▸ **TASK DETAILS**:
Write out exactly the lines below that run from the one containing "Definition homogeneous (r" through the one containing "Otherwise G has an", both included, with no other lines.

▸ **Stored records**:
(* For every $n\ge 4$, $$h_3(n,\{(4,0),(4,1),(4,3)\}) = \begin{cases} \dfrac{n}{2} & \text{if } n\equiv 0 \pmod 6,\\[2mm] \left\lceil \dfrac{n+1}{2}\right\rceil & \text{if } n\not\equiv 0 \pmod 6.\end{cases}$$
   Context: For an $r$-uniform hypergraph ($r$-graph) $H$, a homogeneous set is a set of vertices that is either a clique (every $r$-subset is an edge) or a coclique (no $r$-subset is an edge); $h(H)$ denotes the size of a largest homogeneous set. An $(m,f)$-graph is an $r$-graph with $m$ vertices and $f$ edges; $H$ is $(m,f)$-free if it contains no induced sub-hypergraph that is an $(m,f)$-graph. For a set $Q$ of pairs $(m,f)$, $H$ is $Q$-free if it is $(m,f)$-free for every $(m,f)\in Q$. $h_r(n,Q)$ is the minimum of $h(H)$ over all $n$-vertex $Q$-free $r$-graphs $H$. *)

From mathcomp Require Import all_boot.
Set Implicit Arguments. Unset Strict Implicit. Unset Printing Implicit Defensive.

Definition uniform (r n : nat) (E : {set {set 'I_n}}) : bool :=
  [forall e in E, #|e| == r].

Definition is_clique (r n : nat) (E : {set {set 'I_n}}) (S : {set 'I_n}) : bool :=
  [forall e : {set 'I_n}, ((e \subset S) && (#|e| == r)) ==> (e \in E)].

Definition is_coclique (r n : nat) (E : {set {set 'I_n}}) (S : {set 'I_n}) : bool :=
  [forall e : {set 'I_n}, ((e \subset S) && (#|e| == r)) ==> (e \notin E)].

Definition homogeneous (r n : nat) (E : {set {set 'I_n}}) (S : {set 'I_n}) : bool :=
  is_clique r E S || is_coclique r E S.

Definition hom_num (r n : nat) (E : {set {set 'I_n}}) : nat :=
  \max_(S : {set 'I_n} | homogeneous r E S) #|S|.

Definition has_induced (n : nat) (E : {set {set 'I_n}}) (m f : nat) : bool :=
  [exists S : {set 'I_n}, (#|S| == m) && (#|[set e in E | e \subset S]| == f)].

Definition Qfree (n : nat) (E : {set {set 'I_n}}) (Q : seq (nat * nat)) : bool :=
  all (fun mf => ~~ has_induced E mf.1 mf.2) Q.

(* h_r(n,Q): minimum of h(H) over all n-vertex Q-free r-graphs H.
   (Default value n if there is none; h(H) <= n always.) *)
Definition h_r (r n : nat) (Q : seq (nat * nat)) : nat :=
  \big[minn/n]_(E : {set {set 'I_n}} | uniform r E && Qfree E Q) hom_num r E.

From mathcomp Require Import all_boot.
From mathcomp Require Import zify.
Set Implicit Arguments. Unset Strict Implicit. Unset Printing Implicit Defensive.

(* A 3-graph is Q-free iff every 4-set spans 2 or 4
   edges.  Fix a vertex v and join x, y (both distinct from v) when vxy is NOT
   an edge.  In the resulting "link graph" G, v is isolated, the edges of the
   3-graph are exactly the triples spanning an even number of G-edges, and the
   absence of edgeless 4-sets says that G has no odd quadruple (a 4-set all of
   whose triples are odd).  Cliques of the 3-graph are the even sets of G.

   G has no triangle.  Take x of
   maximum degree.  If the non-neighbours of x are independent, they and
   {v} + N(x) are two independent sets of total size n + 1.  Otherwise G has an
   induced 5-cycle, and exhaustive checks on 7 and 8 vertices show that G is a
   blow-up of C5 plus an isolated class; ten even unions of three classes
   then give 2h >= n, with equality only when 6 | n.

   Upper bound.  Blowing up C5 plus an isolated class by residues mod 6 gives
   a Q-free 3-graph whose cliques lie in one of those ten unions and whose
   cocliques have at most 3 vertices. *)

Lemma uniq3E (T : eqType) (a b c : T) :
  uniq [:: a; b; c] -> [/\ a != b, a != c & b != c].
Proof. by rewrite /= !inE !negb_or => /and3P [/andP [-> ->] -> _]. Qed.

Lemma uniq4E (T : eqType) (a b c d : T) : uniq [:: a; b; c; d] ->
  [/\ a != b, a != c, a != d, b != c & b != d] /\ c != d.
Proof. by rewrite /= !inE !negb_or => /and4P [/and3P [-> -> ->] /andP [-> ->] -> _]. Qed.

▸ **WORKED SOLUTION**:
Definition homogeneous (r n : nat) (E : {set {set 'I_n}}) (S : {set 'I_n}) : bool :=
  is_clique r E S || is_coclique r E S.

Definition hom_num (r n : nat) (E : {set {set 'I_n}}) : nat :=
  \max_(S : {set 'I_n} | homogeneous r E S) #|S|.

Definition has_induced (n : nat) (E : {set {set 'I_n}}) (m f : nat) : bool :=
  [exists S : {set 'I_n}, (#|S| == m) && (#|[set e in E | e \subset S]| == f)].

Definition Qfree (n : nat) (E : {set {set 'I_n}}) (Q : seq (nat * nat)) : bool :=
  all (fun mf => ~~ has_induced E mf.1 mf.2) Q.

(* h_r(n,Q): minimum of h(H) over all n-vertex Q-free r-graphs H.
   (Default value n if there is none; h(H) <= n always.) *)
Definition h_r (r n : nat) (Q : seq (nat * nat)) : nat :=
  \big[minn/n]_(E : {set {set 'I_n}} | uniform r E && Qfree E Q) hom_num r E.

From mathcomp Require Import all_boot.
From mathcomp Require Import zify.
Set Implicit Arguments. Unset Strict Implicit. Unset Printing Implicit Defensive.

(* A 3-graph is Q-free iff every 4-set spans 2 or 4
   edges.  Fix a vertex v and join x, y (both distinct from v) when vxy is NOT
   an edge.  In the resulting "link graph" G, v is isolated, the edges of the
   3-graph are exactly the triples spanning an even number of G-edges, and the
   absence of edgeless 4-sets says that G has no odd quadruple (a 4-set all of
   whose triples are odd).  Cliques of the 3-graph are the even sets of G.

   G has no triangle.  Take x of
   maximum degree.  If the non-neighbours of x are independent, they and
   {v} + N(x) are two independent sets of total size n + 1.  Otherwise G has an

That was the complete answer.